Friday, March 15, 2024

A tragic way to die

 

I was saddened to read about the cause of an aircraft crash in Switzerland last month.


In a preliminary report published on 12 March, the Swiss Transportation Safety Investigation Board (STSB) said the aircraft, belonging to Skydive Grenchen, was carrying 11 jumpers and one pilot on the afternoon of 18 February. While all jumpers, one of whom was slightly injured in the incident, exited the aircraft, the pilot died in the crash.

“When parachutists were being dropped off, the reserve parachute belonging to a parachutist who was still on the aircraft unintentionally opened,” the STSB says. “The parachutist subsequently collided with the elevator tailplane, causing it to be completely torn off the aircraft and the plane crashed.”

“The pilot was not wearing a rescue parachute,” it adds.


There's more at the link.

It sounds as if the inadvertently opened reserve parachute pulled one of the jumpers out of the plane, from where he collided with the tailplane.  Nobody could have foreseen this sort of incident, or its outcome.  I'm still trying to wrap my brain around how the impact of a human body could break off an elevator tailplane on one side of the aircraft.  One wouldn't think such an impact would be sufficient.  It would injure the person, of course, perhaps fatally, and damage the leading edge of the tailplane, but not knock it completely off the aircraft.  I'm sure the manufacturers will be investigating that as a matter of urgency.
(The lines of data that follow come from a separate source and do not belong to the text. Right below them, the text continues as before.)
Lemma zero_sum_lift (T : eqType) m (S : seq T) (u : T -> 'Zmod_m) :
  (0 < m)%N -> uniq S -> (forall q, prime q -> q %| m -> (size S)`! < 2 * q)%N ->
  exists b : T -> int,
    zero_sum_equiv S u b /\ {in S &, forall x y, b x = b y -> u x = u y}.
Proof.
case: m u => // n u _; case: S => [_ _ | x0 S'].
  exists (fun=> 0); split=> // -[|x R] _ sR; first by rewrite !big_nil.
  by have := sR x (mem_head x R).
set S := x0 :: S' => uS hq.
pose a (i : 'I_(size S)) : int := (u (nth x0 S i) : nat)%:Z.
have [D [b [D_neq0 D_le bD b_zs]]] := zero_sum_rescaling a (ltn0Sn n).
have D_coprime : coprimez n.+1 D.
  rewrite coprimezE coprime_sym; apply: coprime_lt_prime_divisors => [|q q_prime q_dvd].
    by rewrite absz_gt0.
  have := prime_gt1 q_prime; have := hq q q_prime q_dvd.
  by move: D_le; rewrite -abszE natz; lia.
pose bS x := oapp b 0 (insub (index x S)).
have bS_nth (i : 'I_(size S)) : bS (nth x0 S i) = b i by rewrite /bS index_uniq // valK.
have sumE (F : T -> int) R : uniq R -> {subset R <= S} ->
    \sum_(x <- R) F x = \sum_(i in [set i : 'I_(size S) | nth x0 S i \in R]) F (nth x0 S i).
  move=> uR sRS; rewrite (big_subset_filter _ uS uR sRS) (big_nth x0) big_mkord.
  by apply: eq_bigl => i; rewrite inE.
exists bS; split => [R uR sRS | x y xS yS bxy].
  rewrite Zp_sum_eq0 !sumE //; under [in RHS]eq_bigr do rewrite bS_nth.
  apply/idP/eqP => [/b_zs // | b_sum0].
  have : (n.+1 %| \sum_(i in [set i : 'I_(size S) | nth x0 S i \in R]) (b i - D * a i))%Z.
    by apply: rpred_sum => i _; exact: bD.
  by rewrite sumrB b_sum0 sub0r rpredN -mulr_sumr Gauss_dvdzr.
have nthP z : z \in S -> exists i : 'I_(size S), z = nth x0 S i.
  move=> zS; have zS' : (index z S < size S)%N by rewrite index_mem.
  by exists (Ordinal zS'); rewrite nth_index.
move: bxy; have [[i ->] [j ->]] := (nthP x xS, nthP y yS); rewrite !bS_nth => bij.
apply/eqP; rewrite Zp_eq_dvdz -(Gauss_dvdzr _ D_coprime).
have -> : D * (a i - a j) = (b j - D * a j) - (b i - D * a i) by rewrite bij; ring.
exact: rpredB.
Qed.

Lemma zero_sum_equiv_Zp (T : eqType) n (S : seq T) (b : T -> int) :
  uniq S -> \sum_(x <- S) `|b x| < n.+1%:Z ->
  zero_sum_equiv S b (fun x => (Zp1 : 'I_n.+1) *~ b x) /\
  {in S &, forall x y, (Zp1 : 'I_n.+1) *~ b x = Zp1 *~ b y -> b x = b y}.
Proof.
move=> uS b_small.
have subset_small R : uniq R -> {subset R <= S} -> \sum_(x <- R) `|b x| < n.+1%:Z.
  by move=> uR sRS; apply: le_lt_trans b_small; apply: ler_sum_subset.
split=> [R uR sRS | x y xS yS].
  rewrite -mulrz_sumr Zp1_mulrz_eq0 dvdz_small //.
  exact: le_lt_trans (ler_norm_sum _ _ _) (subset_small R uR sRS).
move/eqP; rewrite -subr_eq0 -mulrzBr Zp1_mulrz_eq0 dvdz_small ?subr_eq0 => [/eqP //|].
have [-> | x_neq_y] := eqVneq x y; first by rewrite subrr normr0.
apply: le_lt_trans (ler_normB _ _) _.
have := subset_small [:: x; y]; rewrite !big_cons big_nil addr0; apply.
  by rewrite /= inE x_neq_y.
by move=> z; rewrite !inE => /orP[] /eqP ->.
Qed.

Lemma sum_pair_eq0 (G1 G2 : zmodType) (I : Type) (r : seq I) (F : I -> G1 * G2) :
  (\sum_(i <- r) F i == 0) = (\sum_(i <- r) (F i).1 == 0) && (\sum_(i <- r) (F i).2 == 0).
Proof.
have -> : \sum_(i <- r) F i = (\sum_(i <- r) (F i).1, \sum_(i <- r) (F i).2).
  by elim/big_rec3: _ => // i x y z _ ->.
by [].
Qed.

Lemma psum0 (G : zmodType) (s : seq G) : psum s 0 = 0.
Proof. by rewrite /psum take0 big_nil. Qed.

Lemma psum_segment (G : zmodType) (s : seq G) i j : (i <= j)%N ->
  psum s j = psum s i + \sum_(x <- drop i (take j s)) x.
Proof.
by move=> le_ij; rewrite /psum -big_cat -{1}(cat_take_drop i (take j s)) take_takel.
Qed.

Lemma uniq_map_eq_pattern (T U V : eqType) (F : T -> U) (F' : T -> V) (l : seq T) :
  {in l &, forall i j, (F i == F j) = (F' i == F' j)} -> uniq (map F l) = uniq (map F' l).
Proof.
elim: l => [|x l IH] FF' //=.
rewrite IH => [|i j il jl]; last by apply: FF'; rewrite inE ?il ?jl orbT.
congr (~~ _ && _); apply/mapP/mapP => -[y yl e]; exists y => //; apply/eqP.
  by rewrite -FF' ?inE ?eqxx ?yl ?orbT // e.
by rewrite FF' ?inE ?eqxx ?yl ?orbT // e.
Qed.

Lemma sequencing_of_psum_pattern (G G' : zmodType) (s : seq G) (s' : seq G') :
  size s = size s' ->
  (forall i j, (i <= size s)%N -> (j <= size s)%N ->
     (psum s i == psum s j) = (psum s' i == psum s' j)) ->
  is_sequencing s' \/ is_rotational_sequencing s' ->
  is_sequencing s \/ is_rotational_sequencing s.
Proof.
move=> size_s pattern; rewrite /is_sequencing /is_rotational_sequencing -size_s.
have uniqE n : (n <= (size s).+1)%N ->
    uniq [seq psum s i | i <- iota 0 n] = uniq [seq psum s' i | i <- iota 0 n].
  move=> le_n; apply: uniq_map_eq_pattern => i j; rewrite !mem_iota /= => lt_i lt_j.
  by apply: pattern; rewrite -ltnS (leq_trans _ le_n).
rewrite !uniqE //; case=> [|[uniq_s' psum_s']]; [left | right] => //.
split => //; have := pattern (size s) 0 (leqnn _) (leq0n _).
by rewrite !psum0 psum_s' eqxx => /eqP.
Qed.

Lemma psum_map_pattern (G G' : zmodType) (S s : seq G) (f : G -> G') :
  zero_sum_equiv S id f -> uniq s -> {subset s <= S} ->
  forall i j, (psum (map f s) i == psum (map f s) j) = (psum s i == psum s j).
Proof.
move=> ZS uniq_s sub_s i j.
wlog le_ij : i j / (i <= j)%N.
  by move=> W; case: (leqP i j) => [|/ltnW] /W //; rewrite eq_sym [psum s j == _]eq_sym.
rewrite !(psum_segment _ le_ij) -map_take -map_drop big_map.
rewrite -{1}[psum _ i]addr0 -{1}[psum s i]addr0 !(inj_eq (addrI _)) ![0 == _]eq_sym.
symmetry; apply: ZS; first by rewrite drop_uniq ?take_uniq.
by move=> x /mem_drop /mem_take /sub_s.
Qed.

Lemma sequenceable_of_map (G G' : zmodType) (S : seq G) (f : G -> G') :
  uniq S -> zero_sum_equiv S id f -> sequenceable (map f S) -> sequenceable S.
Proof.
move=> uS ZS [s' [/(perm_iotaP (f 0)) [Is perm_Is ->] seq_s']].
rewrite size_map in perm_Is.
pose s := [seq nth 0 S i | i <- Is].
have map_s : [seq nth (f 0) (map f S) i | i <- Is] = map f s.
  rewrite -map_comp; apply/eq_in_map => i.
  by rewrite (perm_mem perm_Is) mem_iota => /= lt_i; rewrite (nth_map 0).
have perm_s : perm_eq s S by apply/(perm_iotaP 0); exists Is.
exists s; split => //; move: seq_s'; rewrite map_s.
apply: sequencing_of_psum_pattern; first by rewrite size_map.
move=> i j _ _; symmetry; apply: psum_map_pattern ZS _ _ i j.
  by rewrite (perm_uniq perm_s).
by move=> x; rewrite (perm_mem perm_s).
Qed.

Lemma sequenceable_of_zero_sum_equiv (G G' : zmodType) k (S : seq G) (f : G -> G') :
  all_nzs_sequenceable G' k -> uniq S -> size S = k -> 0 \notin S -> nonzero_sum S ->
  {in S &, injective f} -> zero_sum_equiv S id f -> sequenceable S.
Proof.
move=> seqG' uS size_S S_n0 S_nzs f_inj ZS.
apply: (sequenceable_of_map uS ZS); apply: seqG'.
- by rewrite map_inj_in_uniq.
- by rewrite size_map.
- apply/mapP => -[x xS fx0].
  have sub_x : {subset [:: x] <= S} by move=> y; rewrite inE => /eqP ->.
  move: (ZS [:: x] isT sub_x); rewrite !big_seq1 -fx0 eqxx => /eqP x0.
  by rewrite -x0 xS in S_n0.
- by rewrite /nonzero_sum big_map -ZS.
Qed.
The death of the pilot was a tragedy, of course.  The skydiving club had apparently bought the aircraft more than a decade ago, and he'd flown it for the club for years.  It just goes to show:  "in the midst of life we are in death", as the classic funeral service puts it.  We never know when or where or how we may come to our end.  That's a sobering thought . . . and it should be.

Peter


8 comments:

Anonymous said...

I had an acquaintance about 20 years ago who was the pilot for skydivers. On one of his flights, a skydiver had his chute open as he exited the plane and become tangled in the rudder. Many blessings that day. The skydiver spinning out of control connected to the rudder was able to reach his knife and cut the lines so he could deploy his reserve chute. The pilot knew the plane was going to crash, so he headed it into a safe location and put on a spare chute. I think it might have been his first jump. No one hurt on the ground in the plane crash and the original entangled skydiver, while beat up, also survived.

Old NFO said...

This just proves you cannot possibly 'predict' all the ways things can and do go wrong... May he rest in peace.

Beans said...

If the chute caught wind and snagged the parachuter out quickly, that could explain the force needed to tear the control surface off. Plane going forward, guy stopped in air, that's not a good combo.

Anonymous said...

A chute coming loose inside the jump plane is the single most dangerous and most feared accident that can happen during skydiving. Way back when, it was the number one incident we talked about and trained for. General consensus was you had a few seconds to get everybody out of the airplane if the chute got out the door and then it was all over.

At the jump park where I flew skydivers, the skydivers were taught that if a chute came loose in the plane everyone was to dive on it and hold on until we got the plane back on the ground. If it got out the door, it was everybody out no matter what the circumstances.

FormerFlyer

Anonymous said...

Jumoers are known to joke around. Messing with the pilot, aircraft, or other jumpers is not unheard of. I would consider that some joker pulled the reserve on another jumper as a joke.

Jen said...

I became an emergency nurse after some skydivers came down on the road in front of me. Their chute got tangled and didn't open. It forever cured me if my desire to skydive.

Anonymous said...

Thirty-some years ago, I had the pleasure and privilege to attend Army Airborne School. Great memories! One of the lessons that stuck with me was: "If your reserve deploys inside the aircraft and the door is open, you had better beat the chute out the door". Paratroopers are taught to always cover the reserve ripcord grip with the flat of their hand. I know skydiving chutes are different, I think the cutaway/reserve ripcord is on the chest harness. I can easily see the hung jumper ripping the stabilizer off the plane, he is going to hit it at the speed the plane is going x his weight. Tragic accident.

Anonymous said...

Do they still call skydive pilots "Elevator Operators "?